Could you please tell me what could be the reason of this not retrieving the correct documents, and how could this be modified to get the desired results.

Thanks!

yhshu commented 1 month ago

Is it possible that this is due to the process in which the 3 passages were used for extraction? The passage file was subsequently modified, but the cache was not cleared. So it still reads these 3 passages? @bernaljg

bernaljg commented 1 month ago

This behavior is quite strange, I tried to reproduce this in my own environment with a synthetic corpus and it works correctly. I'm willing to jump on a call and try to debug this if you'd like though!

daniyal214 commented 1 month ago

@bernaljg Sure, that would be great. Thanks for the response.

daniyal214 commented 1 month ago

@yhshu Thanks for the response. I'm not sure, maybe. I'll try once again with a fresh environment with cleared cache, then will see if it still persists.

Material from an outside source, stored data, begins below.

(* A functional of norm one on F(M) satisfies |G w| <= ||w||, shown by rescaling
   w into the unit ball. *)
Lemma dual_bound (G : functional M -> R) (w : functional M) (c : R) :
  S_FM_dual M d x0 G -> inF w -> 0 < c -> Rbar_le (dn w) (Finite c) -> Rabs (G w) <= c.
Proof.
  intros [HGlin HGnorm] Hw Hc Hwc.
  set (w' := fun f => (1 / c) * w f + 0 * w f).
  assert (Hw' : B_FM M d x0 w').
  { split; [apply inFM_lin; assumption|].
    apply dnorm_le. intros f Hf Hf1. unfold w'.
    pose proof (dnorm_bound M d x0 w f c Hf Hf1 Hwc).
    rewrite Rmult_0_l, Rplus_0_r, Rabs_mult, Rabs_right
      by (apply Rle_ge, Rlt_le, Rdiv_lt_0_compat; lra).
    apply Rmult_le_reg_l with c; [exact Hc|]. field_simplify; lra. }
  assert (HGw' : Rbar_le (Finite (Rabs (G w'))) (Finite 1)).
  { rewrite <- HGnorm. apply (proj1 (Lub_Rbar_correct _)). exists w'; auto. }
  simpl in HGw'. unfold w' in HGw'. rewrite (HGlin w w (1 / c) 0 Hw Hw) in HGw'.
  rewrite Rmult_0_l, Rplus_0_r, Rabs_mult, Rabs_right in HGw'
    by (apply Rle_ge, Rlt_le, Rdiv_lt_0_compat; lra).
  apply Rmult_le_reg_l with (1 / c); [apply Rdiv_lt_0_compat; lra|].
  replace (1 / c * c) with 1 by (field; lra). exact HGw'.
Qed.

Lemma dual_molecule (G : functional M -> R) (x y : M) :
  FM_dual_linear M d x0 G -> x <> y ->
  G (molecule M d x y) = (G (delta M x) - G (delta M y)) / d x y.
Proof.
  intros HG Hxy. pose proof (dist_pos x y Hxy).
  rewrite molecule_as_deltas, HG by (assumption || apply inFM_delta). field. lra.
Qed.

Section PartialSums.
Variables (a : nat -> R) (x y : nat -> M).
Hypothesis Hxy : forall k, x k <> y k.
Local Notation psum := (mol_partial_sum M d a x y).
Definition xk (j : int) : K2 :=
  match j with
  | Posz 0 => (bwd 1).1
  | Posz n.+1 => (fwd n).1
  | Negz m => (bwd m.+2).1
  end.

Inductive gen_ring (R : ringType) (G : R -> Prop) : R -> Prop :=
  | gen_base x : G x -> gen_ring G x
  | gen_one : gen_ring G 1
  | gen_add x y : gen_ring G x -> gen_ring G y -> gen_ring G (x + y)
  | gen_opp x : gen_ring G x -> gen_ring G (- x)
  | gen_mul x y : gen_ring G x -> gen_ring G y -> gen_ring G (x * y).

Definition kbar : k -> Prop :=
  gen_ring (fun c => exists i, c = P1`_i \/ c = P2`_i).

(* A(P1,P2): kbar-subalgebra of k(x1,x2) generated by all x_j, i.e. the
   subring generated by the image of kbar together with all x_j *)
Definition Aclu : K2 -> Prop :=
  gen_ring (fun f => (exists c, kbar c /\ f = embK c) \/ (exists j, f = xk j)).

Definition zmon (j : int) (a : int * int) : K2 :=
  xk (j - 1) ^+ posp a.2 * xk j ^+ posp (- a.1)
  * xk (j + 1) ^+ posp (- a.2) * xk (j + 2) ^+ posp a.1.

End GenCluster.

Definition is_basis (k : fieldType) (V : ringType) (emb : k -> V)
  (D : k -> Prop) (A : V -> Prop) (I : eqType) (b : I -> V) : Prop :=
  [/\ forall i, A (b i),
      forall f, A f -> exists (S : seq I) (c : I -> k),
          (forall i, D (c i)) /\ f = \sum_(i <- S) emb (c i) * b i
    & forall (S : seq I) (c : I -> k), uniq S -> (forall i, i \in S -> D (c i)) ->
          \sum_(i <- S) emb (c i) * b i = 0 -> forall i, i \in S -> c i = 0].

From HB Require Import structures.
From mathcomp Require Import all_boot all_order all_algebra ring zify.
Set Implicit Arguments. Unset Strict Implicit. Unset Printing Implicit Defensive.
Import Order.TTheory GRing.Theory Num.Theory.
Local Open Scope ring_scope.

(* Write [a, b, c, d] for [x_{j-1}, ..., x_{j+2}] and [P, Q] for the exchange
   polynomials, so that [a c = P(b)] and [b d = Q(c)].
   Spanning: as [Q(0) = 1], [b d - 1 = c S] for a polynomial [S] in [c]; as [P]
   is palindromic of degree [e], [P(d) - d^e P(b)] is a multiple of [b d - 1].
   Hence [x_{j+3} c = P(d) = a c d^e + c S (...)], so [x_{j+3}] (and likewise
   [x_{j-2}]) is a polynomial in [a, b, c, d]: the algebra is generated by the
   window [a, b, c, d], and the exchange relations rewrite every monomial in them
   into standard ones.
   Independence: consecutive [x_n] are algebraically independent. Multiplied by
   [b^N c^N], the monomial [z_j[a1, a2]] becomes [P(b)^p b^(N-a1) Q(c)^s c^(N-a2)];
   as [P(0) = Q(0) = 1], the least exponent [(N-a1, N-a2)] among the nonzero
   coefficients of a relation occurs in a single term. *)

Section GenRing.
Variables (R : nzRingType) (G : R -> Prop).
Local Notation L := (gen_ring G).

Lemma gen_ring_min (S : R -> Prop) :
  S 1 -> (forall u v, S u -> S v -> S (u + v)) -> (forall u, S u -> S (- u)) ->
  (forall u v, S u -> S v -> S (u * v)) -> (forall u, G u -> S u) ->
  forall u, L u -> S u.
Proof. by move=> S1 SD SN SM SG u; elim=> *; auto. Qed.

Lemma gen_ring_sub (G' : R -> Prop) :
  (forall u, G u -> gen_ring G' u) -> forall u, L u -> gen_ring G' u.
Proof. by apply: gen_ring_min; constructor. Qed.

Lemma gen_ring0 : L 0.
Proof. by rewrite -(subrr 1); do !constructor. Qed.

Lemma gen_ringB u v : L u -> L v -> L (u - v).
Proof. by move=> Lu Lv; constructor => //; constructor. Qed.

Lemma gen_ringX u n : L u -> L (u ^+ n).
Proof. by move=> Lu; elim: n => [|n IH]; rewrite ?expr0 ?exprS; constructor. Qed.

Lemma gen_ring_sum (I : Type) (r : seq I) (P : pred I) (F : I -> R) :
  (forall i, P i -> L (F i)) -> L (\sum_(i <- r | P i) F i).
Proof. by apply: big_ind => //; [exact: gen_ring0 | constructor]. Qed.

End GenRing.

Section PolyCoef.
Variable R : nzRingType.
Implicit Types p : {poly R}.

Lemma poly_sum_monomials p :
  p = \sum_(i < size p) (p`_i)%:P * 'X^i.
Proof. by rewrite -[LHS]coefK poly_def; apply: eq_bigr => i _; rewrite mul_polyC. Qed.

Lemma poly_eq0_coef p :
  (forall i, (i < size p)%N -> p`_i = 0) -> p = 0.
Proof.
by move=> p0; rewrite (poly_sum_monomials p) big1 // => i _; rewrite p0 // mul0r.
Qed.

End PolyCoef.

Section Field.
Variable k : fieldType.
Local Notation K2 := (K2 k).
Implicit Types (p q : {poly k}) (u v y : K2).

Lemma embK_is_zmod_morphism : zmod_morphism (@embK k).
Proof. by move=> a b; rewrite /embK !rmorphB. Qed.
HB.instance Definition _ :=
  GRing.isZmodMorphism.Build k K2 (@embK k) embK_is_zmod_morphism.
Lemma embK_is_monoid_morphism : monoid_morphism (@embK k).
Proof. by split=> [|a b]; rewrite /embK ?rmorph1 ?rmorphM. Qed.
HB.instance Definition _ :=
  GRing.isMonoidMorphism.Build k K2 (@embK k) embK_is_monoid_morphism.

Lemma toKz_is_zmod_morphism : zmod_morphism (@toKz k).
Proof. by move=> a b; rewrite /toKz !rmorphB. Qed.
HB.instance Definition _ :=
  GRing.isZmodMorphism.Build k (kz k) (@toKz k) toKz_is_zmod_morphism.
Lemma toKz_is_monoid_morphism : monoid_morphism (@toKz k).
Proof. by split=> [|a b]; rewrite /toKz ?rmorph1 ?rmorphM. Qed.
HB.instance Definition _ :=
  GRing.isMonoidMorphism.Build k (kz k) (@toKz k) toKz_is_monoid_morphism.

Lemma evalKM p q y : evalK (p * q) y = evalK p y * evalK q y.
Proof. by rewrite /evalK rmorphM hornerM. Qed.
Lemma evalKX p n y : evalK (p ^+ n) y = evalK p y ^+ n.
Proof. by rewrite /evalK rmorphXn horner_exp. Qed.
Lemma evalK_X y : evalK 'X y = y.
Proof. by rewrite /evalK map_polyX hornerX. Qed.
Lemma evalK_C c y : evalK c%:P y = embK c.
Proof. by rewrite /evalK map_polyC hornerC. Qed.
Lemma evalKE p y : evalK p y = \sum_(i < size p) embK p`_i * y ^+ i.
Proof.
rewrite /evalK horner_coef size_map_poly.
by apply: eq_bigr => i _; rewrite coef_map.
Qed.

Lemma palindromic_coef p : palindromic p ->
  forall i, (i < size p)%N -> p`_i = p`_((size p).-1 - i).
Proof.
rewrite /palindromic; set z : kz k := FracField.tofrac 'X.
set n := size p; set e := n.-1; have z_neq0 : z != 0 by rewrite tofrac_eq0 polyX_eq0.
rewrite !horner_coef size_map_poly.
have -> : \sum_(i < n) (map_poly (@toKz k) p)`_i * z ^+ i = FracField.tofrac p.
  rewrite [in RHS](poly_sum_monomials p) rmorph_sum; apply: eq_bigr => i _.
  by rewrite coef_map rmorphM rmorphXn.
have -> : z ^+ e * \sum_(i < n) (map_poly (@toKz k) p)`_i * z^-1 ^+ i =
    FracField.tofrac (\sum_(i < n) (p`_i)%:P * 'X^(e - i)).
  rewrite mulr_sumr rmorph_sum; apply: eq_bigr => i _.
  rewrite coef_map rmorphM rmorphXn /= -/z exprVn mulrCA; congr (_ * _).
  have ie : (i <= e)%N by rewrite /e -ltnS (ltn_predK (ltn_ord i)).
  by rewrite -[in z ^+ e](subnK ie) exprD (mulfK (expf_neq0 i z_neq0)).
move=> /eqP; rewrite tofrac_eq => /eqP E i lt_ip.
rewrite (congr1 (fun q => q`_(e - i)) E) coef_sum (bigD1 (Ordinal lt_ip)) //=.
rewrite coefCM coefXn eqxx mulr1.
rewrite big1 ?addr0 // => l /eqP l_neq_i; rewrite coefCM coefXn.
suff /negPf -> : (e - i != e - l)%N by rewrite mulr0.
apply/eqP => eq_il; apply: l_neq_i; apply: val_inj => /=.
by have := ltn_ord l; rewrite /e /n in eq_il *; lia.
Qed.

bernaljg commented 1 month ago

@daniyal214 I suggest you also clear the output directory before re-running. If the bug is still happening shoot me an email and we can look at it together.

daniyal214 commented 1 month ago

@bernaljg @yhshu Thank you both for your quick and helpful responses!

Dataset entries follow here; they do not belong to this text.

(* Let $(q(t),p(t))$ be an orbit of $X_H$ in rotating coordinates. If $(q_1+\mu)p_2-q_2p_1>\mu(q_1+\mu)$ along the orbit, then the curve $q(t)$ is retrograde with respect to $e(t)$. If $(q_1+\mu)p_2-q_2p_1<\mu(q_1+\mu)$ along the orbit, then it is direct.
   Context: For $\mu\in[0,1]$, $H(q,p)=\tfrac12|p|^2+q_1p_2-q_2p_1-\frac{1-\mu}{|q+(\mu,0)|}-\frac{\mu}{|q-(1-\mu,0)|}$ on $(\mathbb{R}^2\setminus\{(-\mu,0),(1-\mu,0)\})\times\mathbb{R}^2$, with $\dot q=\partial H/\partial p$, $\dot p=-\partial H/\partial q$. Let $R_t=\begin{pmatrix}\cos t&-\sin t\\ \sin t&\cos t\end{pmatrix}$. Sidereal coordinates are $\bar q(t)=R_{-t}q(t)$, and $\bar e(t)=R_{-t}(-\mu,0)$ (with $e(t)$ the corresponding point $(-\mu,0)$ in rotating coordinates). A path is called retrograde with respect to $e(t)$ if the angle $\phi(t)=\arg\big(\bar q_1(t)-\bar e_1(t)+i(\bar q_2(t)-\bar e_2(t))\big)$ is increasing, and prograde (direct) if it is decreasing. *)

From Stdlib Require Import Reals Lra.
From Coquelicot Require Import Coquelicot.
Open Scope R_scope.

(* The Hamiltonian of the rotating Kepler / restricted three-body problem,
   H(q,p) = |p|^2/2 + q1 p2 - q2 p1 - (1-mu)/|q+(mu,0)| - mu/|q-(1-mu,0)|. *)
Definition H (mu q1 q2 p1 p2 : R) : R :=
  (p1 ^ 2 + p2 ^ 2) / 2 + q1 * p2 - q2 * p1
  - (1 - mu) / sqrt ((q1 + mu) ^ 2 + q2 ^ 2)
  - mu / sqrt ((q1 - (1 - mu)) ^ 2 + q2 ^ 2).

Definition in_I (a b : Rbar) (t : R) : Prop := Rbar_lt a t /\ Rbar_lt t b.

(* (q1,q2,p1,p2) : I -> R^4 is an orbit of X_H, i.e.
   qdot = dH/dp, pdot = -dH/dq, and q avoids the two collision points. *)
Definition is_orbit (mu : R) (a b : Rbar) (q1 q2 p1 p2 : R -> R) : Prop :=
  forall t, in_I a b t ->
    (q1 t, q2 t) <> (- mu, 0) /\ (q1 t, q2 t) <> (1 - mu, 0) /\
    (exists v, is_derive q1 t v /\
       is_derive (fun x => H mu (q1 t) (q2 t) x (p2 t)) (p1 t) v) /\
    (exists v, is_derive q2 t v /\
       is_derive (fun x => H mu (q1 t) (q2 t) (p1 t) x) (p2 t) v) /\
    (exists v, is_derive p1 t (- v) /\
       is_derive (fun x => H mu x (q2 t) (p1 t) (p2 t)) (q1 t) v) /\
    (exists v, is_derive p2 t (- v) /\
       is_derive (fun x => H mu (q1 t) x (p1 t) (p2 t)) (q2 t) v).

Definition rot (t : R) (x : R * R) : R * R :=
  (cos t * fst x - sin t * snd x, sin t * fst x + cos t * snd x).

Definition qbar (q1 q2 : R -> R) (t : R) : R * R := rot (- t) (q1 t, q2 t).
Definition ebar (mu t : R) : R * R := rot (- t) (- mu, 0).

Definition is_angle_lift (mu : R) (a b : Rbar) (q1 q2 : R -> R) (phi : R -> R)
  : Prop :=
  forall t, in_I a b t ->
    continuous phi t /\
    let d1 := fst (qbar q1 q2 t) - fst (ebar mu t) in
    let d2 := snd (qbar q1 q2 t) - snd (ebar mu t) in
    d1 = sqrt (d1 ^ 2 + d2 ^ 2) * cos (phi t) /\
    d2 = sqrt (d1 ^ 2 + d2 ^ 2) * sin (phi t).

Definition retrograde (mu : R) (a b : Rbar) (q1 q2 : R -> R) : Prop :=
  exists phi, is_angle_lift mu a b q1 q2 phi /\
    forall s t, in_I a b s -> in_I a b t -> s < t -> phi s < phi t.

Definition prograde (mu : R) (a b : Rbar) (q1 q2 : R -> R) : Prop :=
  exists phi, is_angle_lift mu a b q1 q2 phi /\
    forall s t, in_I a b s -> in_I a b t -> s < t -> phi t < phi s.

From Stdlib Require Import Reals Lra.
From Coquelicot Require Import Coquelicot.
Open Scope R_scope.

(* Write q + (mu, 0) = r (cos th, sin th).  Since qbar - ebar = R_{-t} (q + (mu, 0)),
   the sidereal angle is phi = th - t.  Hamilton's equations give
   qdot = (p1 - q2, p2 + q1), hence
     phidot = ((q1 + mu) q2dot - q2 q1dot) / r^2 - 1
            = ((q1 + mu) p2 - q2 p1 - mu (q1 + mu)) / r^2,
   whose sign is the assumed one.  A differentiable choice of th is obtained by
   integrating the angular velocity from a polar angle at one instant: rotating
   the unit vector (q + (mu, 0)) / r by -th then gives a curve with zero
   derivative, so th remains a polar angle. *)

Lemma in_I_between a b s t u :
  in_I a b s -> in_I a b t -> Rmin s t <= u <= Rmax s t -> in_I a b u.
Proof.
  unfold in_I, Rmin, Rmax; destruct (Rle_dec s t);
    destruct a, b; simpl; intuition lra.
Qed.

Lemma in_I_nonempty a b : Rbar_lt a b -> exists t, in_I a b t.
Proof.
  unfold in_I; destruct a as [a| |], b as [b| |]; simpl; try tauto; intros Hab.
  - exists ((a + b) / 2); simpl; lra.
  - exists (a + 1); simpl; lra.
  - exists (b - 1); simpl; lra.
  - exists 0; simpl; tauto.
Qed.

Lemma in_I_locally a b t : in_I a b t -> locally t (in_I a b).
Proof. exact (open_and _ _ (open_Rbar_gt a) (open_Rbar_lt b) t). Qed.

Lemma is_derive_continuity_pt f t v : is_derive f t v -> continuity_pt f t.
Proof.
  intros Hf. apply continuity_pt_filterlim, (ex_derive_continuous (V := R_NormedModule)).
  now exists v.
Qed.

Lemma strictly_increasing_on_I a b f df :
  (forall t, in_I a b t -> is_derive f t (df t) /\ 0 < df t) ->
  forall s t, in_I a b s -> in_I a b t -> s < t -> f s < f t.
Proof.
  intros Hf s t [Has _] [_ Htb] Hst.
  apply (incr_function f a b df); auto; intros u Hau Hub; apply Hf; split; auto.
Qed.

It seems like the issue was indeed related to the process involving the passages and the cache. I set up a fresh environment, and re-indexed everything. This resolved the problem.

I really appreciate both of your assistance and willingness to help debug the issue. Thanks again!

I'll go ahead and close this issue now.